Material supplied below:
Lemma Wx_U1 D m S : m \in Fx -> m \notin D -> S `<=` Lam ->
  Wx (m |` D) S = Wx D S * (if S == m `\ x then W m else 1).
Proof.
move=> /in_Fx[xm _ _] mD SL; have xS := notin_sub_Lam SL.
rewrite /Wx in_fset1U.
have -> : (x |` S == m) = (S == m `\ x).
  by apply/eqP/eqP => [<-|->]; [rewrite fsetU1K | rewrite fsetD1K].
case: (eqVneq S (m `\ x)) => [->|_] /=; last by rewrite mulr1.
by rewrite fsetD1K // (negbTE mD).
Qed.

Lemma Zfun_Wx_U1 D m : m \in Fx -> m \notin D ->
  Zfun z (Wx (m |` D)) Lam fset0 =
  Zfun z (Wx D) Lam fset0 + (W m - 1) * Zpart z (Wx D) (m `\ x) Lam fset0.
Proof.
move=> mFx mD; have [_ m'L m'0] := in_Fx mFx.
rewrite /Zpart -(big_fpowerset_supset _ (fun Y => fpow z Y * kappa (Wx D) Y fset0) m'L).
rewrite /Zfun /Zpart fsetD0 big_distrr /= [X in _ = _ + X]big_mkcond -big_split /=.
apply: eq_big_seq => Y; rewrite fpowersetE => YL.
rewrite !fset0U (kappa_update (V := Wx D) (A := m `\ x) (c := W m)) //.
  by case: ifP => _; ring.
by move=> S SY _; apply: Wx_U1 => //; apply: fsubset_trans SY YL.
Qed.

Lemma prod_Fx (f : {fset T} -> C) :
  \prod_(X <- fpowerset (x |` Lam) | x \in X) f X = f [fset x] * \prod_(X <- Fx) f X.
Proof.
rewrite big_fset_condE (big_fsetD1 [fset x]); last first.
  by rewrite !inE fpowersetE fsub1set fset1U1 eqxx.
by congr (_ * _); apply: eq_fbigl => X; rewrite !inE andbC andbA.
Qed.

Variables (le : {fset T} -> {fset T} -> bool) (ordX : {fset T} -> T -> T -> bool).

Definition zhatX X x' := zhat z (WX (strict le) W x X) x' (Lam `\ x') (Xprec ordX x X x').

Definition factor X := 1 + (W X - 1) * \prod_(x' <- X `\ x) (zhatX X x' / (1 + zhatX X x')).

Lemma Zfun_Wx_step m : m \in Fx ->
  total_order_on (fun y => y \in m `\ x) (ordX m) ->
  (W m != 1 -> forall x', x' \in m `\ x ->
     Zfun z (WX (strict le) W x m) (Lam `\ x') (Xprec ordX x m x') != 0 /\
     zhatX m x' != -1) ->
  Zfun z (Wx (m |` [fset X in Fx | strict le X m])) Lam fset0 =
  Zfun z (Wx [fset X in Fx | strict le X m]) Lam fset0 * factor m.
Proof.
move=> mFx ord_tot nondeg; set B := [fset X in Fx | strict le X m].
have mB : m \notin B by rewrite !inE /strict eqxx !andbF.
have [_ m'L _] := in_Fx mFx.
have WX_Wx S : S `<=` Lam -> S != fset0 -> WX (strict le) W x m S = Wx B S.
  move=> SL S0; rewrite /WX /Wx (negbTE (notin_sub_Lam SL)) /=.
  by move: (fset1U_in_Fx SL S0); rewrite /B !inE => ->.
rewrite Zfun_Wx_U1 // /factor.
have [->|Wm_neq1] := eqVneq (W m) 1; first by rewrite subrr !mul0r !addr0 mulr1.
rewrite -(Zpart_ext _ m'L WX_Wx) (Zpart_prod_zhat m'L ord_tot (nondeg Wm_neq1)).
by rewrite /Zfun (Zpart_ext _ (fsub0set _) WX_Wx); ring.
Qed.

Lemma zhat_eq_prod_factor :
  total_order_on (fun X : {fset T} => x \in X) le ->
  (forall X, x \in X -> total_order_on (fun y => y \in X `\ x) (ordX X)) ->
  Zfun z W Lam fset0 != 0 ->
  (z x * W [fset x] != 0 -> forall X, x \in X -> W X != 1 -> X `\ x `<=` Lam ->
     forall x', x' \in X `\ x ->
       Zfun z (WX (strict le) W x X) (Lam `\ x') (Xprec ordX x X x') != 0 /\
       zhatX X x' != -1) ->
  zhat z W x Lam fset0 = z x * \prod_(X <- fpowerset (x |` Lam) | x \in X) factor X.
Proof.
move=> le_tot ordX_tot Z_neq0 nondeg.
have factor_x : factor [fset x] = W [fset x].
  by rewrite /factor fsetDv big_seq_fset0 mulr1 addrC subrK.
rewrite prod_Fx factor_x /zhat /Rcorr Zpart_x -Zfun_Wx0.
have [zW0|zW_neq0] := eqVneq (z x * W [fset x]) 0.
  by rewrite zW0 !mul0r mulrA zW0 mul0r.
have Z_Fx : Zfun z (Wx Fx) Lam fset0 =
             Zfun z (Wx fset0) Lam fset0 * \prod_(X <- Fx) factor X.
  apply: (big_telescope_total le_tot (g := fun D => Zfun z (Wx D) Lam fset0)).
    by move=> X /in_Fx[].
  move=> m mFx; have [xm m'L _] := in_Fx mFx.
  by apply: Zfun_Wx_step => [||Wm_neq1]; [|apply: ordX_tot|apply: nondeg].
by rewrite Z_Fx; field; rewrite Zfun_Wx0.
Qed.

End EffectiveActivity.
End of Material supplied.
» Work task:
Write down every entry exactly.

» Task answer:
Lemma Wx_U1 D m S : m \in Fx -> m \notin D -> S `<=` Lam ->
  Wx (m |` D) S = Wx D S * (if S == m `\ x then W m else 1).
Proof.
move=> /in_Fx[xm _ _] mD SL; have xS := notin_sub_Lam SL.
rewrite /Wx in_fset1U.
have -> : (x |` S == m) = (S == m `\ x).
  by apply/eqP/eqP => [<-|->]; [rewrite fsetU1K | rewrite fsetD1K].
case: (eqVneq S (m `\ x)) => [->|_] /=; last by rewrite mulr1.
by rewrite fsetD1K // (negbTE mD).
Qed.

Lemma Zfun_Wx_U1 D m : m \in Fx -> m \notin D ->
  Zfun z (Wx (m |` D)) Lam fset0 =
  Zfun z (Wx D) Lam fset0 + (W m - 1) * Zpart z (Wx D) (m `\ x) Lam fset0.
Proof.
move=> mFx mD; have [_ m'L m'0] := in_Fx mFx.
rewrite /Zpart -(big_fpowerset_supset _ (fun Y => fpow z Y * kappa (Wx D) Y fset0) m'L).
rewrite /Zfun /Zpart fsetD0 big_distrr /= [X in _ = _ + X]big_mkcond -big_split /=.
apply: eq_big_seq => Y; rewrite fpowersetE => YL.
rewrite !fset0U (kappa_update (V := Wx D) (A := m `\ x) (c := W m)) //.
  by case: ifP => _; ring.
by move=> S SY _; apply: Wx_U1 => //; apply: fsubset_trans SY YL.
Qed.

Lemma prod_Fx (f : {fset T} -> C) :
  \prod_(X <- fpowerset (x |` Lam) | x \in X) f X = f [fset x] * \prod_(X <- Fx) f X.
Proof.
rewrite big_fset_condE (big_fsetD1 [fset x]); last first.
  by rewrite !inE fpowersetE fsub1set fset1U1 eqxx.
by congr (_ * _); apply: eq_fbigl => X; rewrite !inE andbC andbA.
Qed.

Variables (le : {fset T} -> {fset T} -> bool) (ordX : {fset T} -> T -> T -> bool).

Definition zhatX X x' := zhat z (WX (strict le) W x X) x' (Lam `\ x') (Xprec ordX x X x').

Definition factor X := 1 + (W X - 1) * \prod_(x' <- X `\ x) (zhatX X x' / (1 + zhatX X x')).

Lemma Zfun_Wx_step m : m \in Fx ->
  total_order_on (fun y => y \in m `\ x) (ordX m) ->
  (W m != 1 -> forall x', x' \in m `\ x ->
     Zfun z (WX (strict le) W x m) (Lam `\ x') (Xprec ordX x m x') != 0 /\
     zhatX m x' != -1) ->
  Zfun z (Wx (m |` [fset X in Fx | strict le X m])) Lam fset0 =
  Zfun z (Wx [fset X in Fx | strict le X m]) Lam fset0 * factor m.
Proof.
move=> mFx ord_tot nondeg; set B := [fset X in Fx | strict le X m].
have mB : m \notin B by rewrite !inE /strict eqxx !andbF.
have [_ m'L _] := in_Fx mFx.
have WX_Wx S : S `<=` Lam -> S != fset0 -> WX (strict le) W x m S = Wx B S.
  move=> SL S0; rewrite /WX /Wx (negbTE (notin_sub_Lam SL)) /=.
  by move: (fset1U_in_Fx SL S0); rewrite /B !inE => ->.
rewrite Zfun_Wx_U1 // /factor.
have [->|Wm_neq1] := eqVneq (W m) 1; first by rewrite subrr !mul0r !addr0 mulr1.
rewrite -(Zpart_ext _ m'L WX_Wx) (Zpart_prod_zhat m'L ord_tot (nondeg Wm_neq1)).
by rewrite /Zfun (Zpart_ext _ (fsub0set _) WX_Wx); ring.
Qed.

Lemma zhat_eq_prod_factor :
  total_order_on (fun X : {fset T} => x \in X) le ->
  (forall X, x \in X -> total_order_on (fun y => y \in X `\ x) (ordX X)) ->
  Zfun z W Lam fset0 != 0 ->
  (z x * W [fset x] != 0 -> forall X, x \in X -> W X != 1 -> X `\ x `<=` Lam ->
     forall x', x' \in X `\ x ->
       Zfun z (WX (strict le) W x X) (Lam `\ x') (Xprec ordX x X x') != 0 /\
       zhatX X x' != -1) ->
  zhat z W x Lam fset0 = z x * \prod_(X <- fpowerset (x |` Lam) | x \in X) factor X.
Proof.
move=> le_tot ordX_tot Z_neq0 nondeg.
have factor_x : factor [fset x] = W [fset x].
  by rewrite /factor fsetDv big_seq_fset0 mulr1 addrC subrK.
rewrite prod_Fx factor_x /zhat /Rcorr Zpart_x -Zfun_Wx0.
have [zW0|zW_neq0] := eqVneq (z x * W [fset x]) 0.
  by rewrite zW0 !mul0r mulrA zW0 mul0r.
have Z_Fx : Zfun z (Wx Fx) Lam fset0 =
             Zfun z (Wx fset0) Lam fset0 * \prod_(X <- Fx) factor X.
  apply: (big_telescope_total le_tot (g := fun D => Zfun z (Wx D) Lam fset0)).
    by move=> X /in_Fx[].
  move=> m mFx; have [xm m'L _] := in_Fx mFx.
  by apply: Zfun_Wx_step => [||Wm_neq1]; [|apply: ordX_tot|apply: nondeg].
by rewrite Z_Fx; field; rewrite Zfun_Wx0.
Qed.

End EffectiveActivity.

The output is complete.